The weapons found in three United Nations schools are further evidence of the ineptitude or worse that discredits the UN as any kind of mediating force, whether politically or in social services, especially after rockets had been turned back to Hamas, and after UN officials had joined in the Hamas rhetoric that the rockets may have belonged to “other terrorist groups” (a rhetoric echoed, by the way, by PLO spokesperson Dr. Hanan Ashrawi during a CNN interview on July 30). At the end of July three Israeli soldiers were killed in a booby-trapped UN clinic, a tactic obviously planned well in advance.

In the Charlie Rose interview, Meshaal may have unintentionally provided the rationale for a good alternative to the United Nations.

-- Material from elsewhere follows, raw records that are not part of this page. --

Lemma fsums_le_sqr_mul_norm (rho n : I -> R) (p q N : R) : 0 <= p -> 0 <= q ->
  (forall i, rho i ^+ 2 <= p + q * n i ^+ 2) -> fsums_le (fun i => n i ^+ 2) N ->
  fsums_le (fun i => (rho i * `|n i|) ^+ 2) (p * N + q * N ^+ 2).
Proof.
move=> p_ge0 q_ge0 rho_le nN F.
have n2_ge0 : 0 <= \sum_(i <- F) n i ^+ 2 by apply: sumr_ge0 => i _; exact: sqr_ge0.
apply: le_trans (_ : \sum_(i <- F) (p * n i ^+ 2 + q * (n i ^+ 2) ^+ 2) <= _).
  apply: ler_sum => i _; rewrite exprMn real_normK ?num_real //.
  have -> : p * n i ^+ 2 + q * (n i ^+ 2) ^+ 2 = (p + q * n i ^+ 2) * n i ^+ 2 by ring.
  by rewrite ler_wpM2r ?sqr_ge0.
rewrite big_split /= -!mulr_sumr lerD ?ler_wpM2l //.
apply: le_trans (sum_sqr_le_sqr_sum _ (fun i => sqr_ge0 (n i))) _.
by rewrite ler_sqr ?nnegrE // (le_trans n2_ge0).
Qed.

End SquareSummable.

Section FilteredDFD.
Variables (R : realType) (X Y : completeNormedModType R)
  (ipX : X -> X -> R) (ipY : Y -> Y -> R) (A : X -> Y) (I : choiceType)
  (u ubar : I -> X) (v : I -> Y) (kappa : I -> R) (phi : R -> R -> R -> R)
  (delta alpha : nat -> R) (y : Y) (yk : nat -> Y) (x0 : X) (c : I -> R)
  (alpha_t d e K bu bv bb : R).
Hypotheses (ipX_inner : inner_product ipX) (ipY_inner : inner_product ipY)
  (kappa_gt0 : forall i, 0 < kappa i)
  (adjoint : forall i x, ipY (A x) (v i) = kappa i * ipX x (u i))
  (u_bessel : forall x, fsums_le (fun i => ipX x (u i) ^+ 2) (bu * `|x| ^+ 2))
  (v_bessel : forall z, fsums_le (fun i => ipY z (v i) ^+ 2) (bv * `|z| ^+ 2))
  (bv_ge0 : 0 <= bv) (bb_ge0 : 0 <= bb)
  (ubar_bessel : forall x, fsums_le (fun i => ipX x (ubar i) ^+ 2) (bb * `|x| ^+ 2))
  (ubar_synthesis : forall (c : I -> R) (F : {fset I}),
     `|\sum_(i <- F) c i *: ubar i| ^+ 2 <= bb * \sum_(i <- F) c i ^+ 2)
  (ubar_dual : forall x, kerperp ipX A x -> HasSum (fun i => ipX x (u i) *: ubar i) x)
  (phi_filter : nonlinear_reg_filter phi)
  (d_gt0 : 0 < d) (e_gt0 : 0 < e)
  (phi_B : forall k a x, 0 < k -> 0 < a -> `|x| <= d * a / k ->
     `|phi a k x| <= e * k / Num.sqrt a * `|x|)
  (delta_cvg0 : delta @ \oo --> 0)
  (alpha_gt0 : forall k, 0 < alpha k) (alpha_cvg0 : alpha @ \oo --> 0)
  (ratio_cvg0 : (fun k => delta k ^+ 2 / alpha k) @ \oo --> 0)
  (Ax0 : A x0 = y) (alpha_t_gt0 : 0 < alpha_t) (K_ge0 : 0 <= K)
  (c_le_K : forall i, `|c i| <= K)
  (c_source : forall i, phi alpha_t (kappa i) (c i) = ipY y (v i))
  (yk_near : forall k, `|yk k - y| <= delta k).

He said that he rejected the Egyptian cease-fire proposal because that country “did not consult with factions in Gaza” and that he is upset with Israel for spending money on the settlements that they could have spent in Gaza!

It’s time for Egypt and Jordan to have a presence in a demilitarized Gaza, with social services and utilities services (for which Israel has been assuming much of the cost) in order to get to know their Palestinian neighbors and to show them that there are nations who have accepted the reality of a long-term Israeli presence to the extent of signing treaties with Israel. That would certainly be better than Mr. Kerry’s “deadlines.”

*date corrected

Rabbi Gertel, a retired pulpit rabbi, has been a columnist for the “National Jewish Post and Opinion” (Indianapolis) for 35 years.